Mona Young-eun Kim a imaginé la coupole des halles Laissac. — Ludovic Séverac
  • Mona Young-eun Kim a imaginé la coupole des halles Laissac, à Montpellier.
  • Le nouveau marché rond a été inauguré en fanfare ce week-end.
  • La jeune artiste a grandi à Séoul, en Corée du Sud.

En imaginant la coupole des halles Laissac, Mona Young-eun Kim est entrée dans l’histoire de Montpellier. Sa gravure, qui s’inspire des quartiers d’un melon, épouse à merveille le plafond du nouveau marché rond, inauguré en fanfare ce week-end.

« Ce fruit symbolise la chaleur, le soleil et la richesse, à l’image de Montpellier. Ses couleurs sont très gaies et fraîches : vert, jaune, blanc et orange », souligne cette diplômée de l’école supérieure des Beaux-Arts de Montpellier, qui a remporté un concours lancé par la commune. « Quand j’ai appris que j’avais été choisie, j’ai appelé mes parents. Et j’ai fêté ça avec mes amis. J’étais vraiment contente », se souvient-elle.

« Je me souviendrai toujours de la couleur du ciel quand je suis arrivée »
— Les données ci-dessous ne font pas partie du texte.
(* Pairing [b] with [flip i0 b], the change of weights only moves mass from [b]
   to [flip i0 b], where [g] is larger. *)
Lemma Eprod_le_coord i0 (p p' : 'I_I -> bool -> R) g :
  (forall i x, 0 <= p i x) -> (forall i, i != i0 -> p i =1 p' i) ->
  p i0 true + p i0 false = p' i0 true + p' i0 false ->
  p i0 true <= p' i0 true -> flip_monotone g ->
  Eprod p g <= Eprod p' g.
Proof.
move=> p0 pp' psum pt gm; rewrite /Eprod (sum_flip_pairs i0) [leRHS](sum_flip_pairs i0).
apply: ler_sum => b nb.
set C := \prod_(i | i != i0) p i (b i).
have prodE q : (forall i, i != i0 -> q i =1 p i) -> forall b',
    (forall i, i != i0 -> b' i = b i) -> \prod_i q i (b' i) = q i0 (b' i0) * C.
  move=> qp b' bb'; rewrite (bigD1 i0) //=; congr (_ * _).
  by apply: eq_bigr => i ni; rewrite qp // bb'.
have p'p i : i != i0 -> p' i =1 p i by move=> ni x; rewrite pp'.
rewrite !prodE //; try by move=> i /flip_eq.
rewrite flip_id (negbTE nb).
have C0 : 0 <= C by apply: prodr_ge0.
have := gm b i0 nb; set gb := g b; set gf := g (flip i0 b) => gbf.
have e : p' i0 false = p i0 true + p i0 false - p' i0 true by rewrite psum; ring.
rewrite e -subr_ge0.
have -> : (p i0 true + p i0 false - p' i0 true) * C * gb + p' i0 true * C * gf -
   (p i0 false * C * gb + p i0 true * C * gf) = C * ((p' i0 true - p i0 true) * (gf - gb)) by ring.
by apply: mulr_ge0 => //; apply: mulr_ge0; rewrite subr_ge0.
Qed.

Lemma Eprod_le (p p' : 'I_I -> bool -> R) g :
  (forall i x, 0 <= p i x) -> (forall i x, 0 <= p' i x) ->
  (forall i, p i true + p i false = p' i true + p' i false) ->
  (forall i, p i true <= p' i true) -> flip_monotone g ->
  Eprod p g <= Eprod p' g.
Proof.
move=> p0 p'0 psum pt gm.
pose mix n (i : 'I_I) := if (i < n)%N then p' i else p i.
suff H n : Eprod p g <= Eprod (mix n) g.
  by apply: le_trans (H I) _; rewrite (@eq_Eprod (mix I) p') // => i x; rewrite /mix ltn_ord.
elim: n => [|n IH]; first by rewrite (@eq_Eprod p (mix 0%N)).
apply: le_trans IH _; have [nI|In] := ltnP n I; last first.
  rewrite (@eq_Eprod (mix n) (mix n.+1)) // => i x.
  by rewrite /mix (leq_trans (ltn_ord i) In) (leq_trans (ltn_ord i) (leqW In)).
have mixn : mix n (Ordinal nI) = p (Ordinal nI) by rewrite /mix /= ltnn.
have mixSn : mix n.+1 (Ordinal nI) = p' (Ordinal nI) by rewrite /mix /= ltnSn.
apply: (@Eprod_le_coord (Ordinal nI)); rewrite ?mixn ?mixSn //.
- by move=> i x; rewrite /mix; case: ifP.
- move=> i ni x; rewrite /mix ltnS; case: ltngtP => // ein.
  by case/eqP: ni; apply: val_inj.
Qed.

End BernoulliProducts.

Section Rearrangement.
Variables (R : realType) (I : nat).
Local Notation bvec := {ffun 'I_I -> bool}.
Variables (th c : R) (M m : 'I_I -> R).
Hypotheses (th_ge0 : 0 <= th) (th_le1 : th <= 1) (mM : forall i, m i <= M i).
Implicit Types (S K : {set 'I_I}) (b : bvec).

Definition biasw (S : {set 'I_I}) (i : 'I_I) (x : bool) : R :=
  if i \in S then (if x then th else 1 - th) else (if x then 1 else 0).

Lemma biasw_ge0 S i x : 0 <= biasw S i x.
Proof. by rewrite /biasw; case: (i \in S); case: x; rewrite ?subr_ge0. Qed.

Lemma biasw_sum S i : biasw S i true + biasw S i false = 1.
Proof. by rewrite /biasw; case: (i \in S); rewrite ?subrKC ?addr0. Qed.

Definition pick_sum b : R := \sum_i (if b i then M i else m i).

Definition tail_ind b : R := if c <= pick_sum b then 1 else 0.

Lemma tail_ind_mono b b' : pick_sum b <= pick_sum b' -> tail_ind b <= tail_ind b'.
Proof.
rewrite /tail_ind => le_bb'; case: ifP => [c_le|_]; last by case: ifP.
by rewrite (le_trans c_le le_bb').
Qed.

Lemma tail_ind_flip_monotone : flip_monotone tail_ind.
Proof.
move=> b i0 nb; apply/tail_ind_mono/ler_sum => i _.
have [->|ni] := eqVneq i i0; last by rewrite flip_eq.
by rewrite flip_id (negbTE nb).
Qed.

Lemma Eprod_biasw_sub S K : K \subset S ->
  Eprod (biasw S) tail_ind <= Eprod (biasw K) tail_ind.
Proof.
move=> /subsetP KS; apply: Eprod_le.
- exact: biasw_ge0.
- exact: biasw_ge0.
- by move=> i; rewrite !biasw_sum.
- move=> i; rewrite /biasw; case iK: (i \in K); first by rewrite KS.
  by case: (i \in S).
- exact: tail_ind_flip_monotone.
Qed.

(* Exchanging the coordinates [i] and [j] is a measure-preserving bijection which,
   on outcomes where [j] takes [true], can only raise [pick_sum]. *)
Lemma Eprod_biasw_swap S i j : i \notin S -> j \in S -> M i - m i <= M j - m j ->
  Eprod (biasw S) tail_ind <= Eprod (biasw (i |: (S :\ j))) tail_ind.
Proof.
move=> iS jS dij; have ij : i != j by apply: contra iS => /eqP ->.
pose h (b : bvec) := [ffun l => b (tperm i j l)].
have hK : involutive h by move=> b; apply/ffunP => l; rewrite !ffunE tpermK.
rewrite /Eprod (reindex h); last by apply: onW_bij; apply: inv_bij.
apply: ler_sum => b _.
have -> : \prod_l biasw S l (h b l) = \prod_l biasw (i |: (S :\ j)) l (b l).
  rewrite (reindex_inj (@perm_inj _ (tperm i j))) /=; apply: eq_bigr => l _.
  rewrite /h ffunE tpermK /biasw !inE.
  case: (tpermP i j l) => [->|->|/eqP li /eqP lj].
  - by rewrite eqxx jS.
  - by rewrite (negbTE iS) eq_sym (negbTE ij) eqxx.
  - by rewrite (negbTE li) (negbTE lj).
case bj : (b j); last first.
  by rewrite (bigD1 j) //= bj /biasw !inE eqxx /= eq_sym (negbTE ij) !mul0r.
apply: ler_wpM2l; first by apply: prodr_ge0 => l _; apply: biasw_ge0.
apply: tail_ind_mono; rewrite /pick_sum.
rewrite [in leLHS](bigD1 i) // [in leRHS](bigD1 i) //.
rewrite [in leLHS](bigD1 j) 1?eq_sym // [in leRHS](bigD1 j) 1?eq_sym //=.
rewrite !ffunE tpermL tpermR bj.
under eq_bigr => l /andP[li lj] do rewrite ffunE tpermD 1?eq_sym //.
by rewrite !addrA lerD2r; case: (b i) => //; lra.
Qed.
La jeune femme a grandi à Séoul, en Corée du Sud.​ Petite, elle lit, dévore des films. Et travaille très dur sur les bancs de l’école. « Le système scolaire est très compétitif, raconte la jeune femme. J’ai dû rester à l’école jusqu’à 22 h pour préparer des examens de mathématiques ou d’anglais. » Passionnée de septième art (et folle de cuisine), Mona Young-eun Kim entame des études de cinéma et de philosophie à l’université Dongguk, à Séoul, avant de s’envoler pour l’Europe, par amour de l’art.

Et si elle craque pour Montpellier, c’est d’abord pour « la météo et la plage ». « Je me souviendrai toujours de la couleur du ciel, quand je suis arrivée en France. C’était très bleu azur, confie l’artiste coréenne. Mais il y avait beaucoup d’excréments dans la rue. J’ai cru pendant longtemps que ça venait d’humains ! » La jeune femme est aujourd’hui à la biennale de Kochi, en Inde, pour une résidence d’artistes. Aux nouvelles halles Laissac, son œuvre a fait lever les yeux des curieux tout le week-end.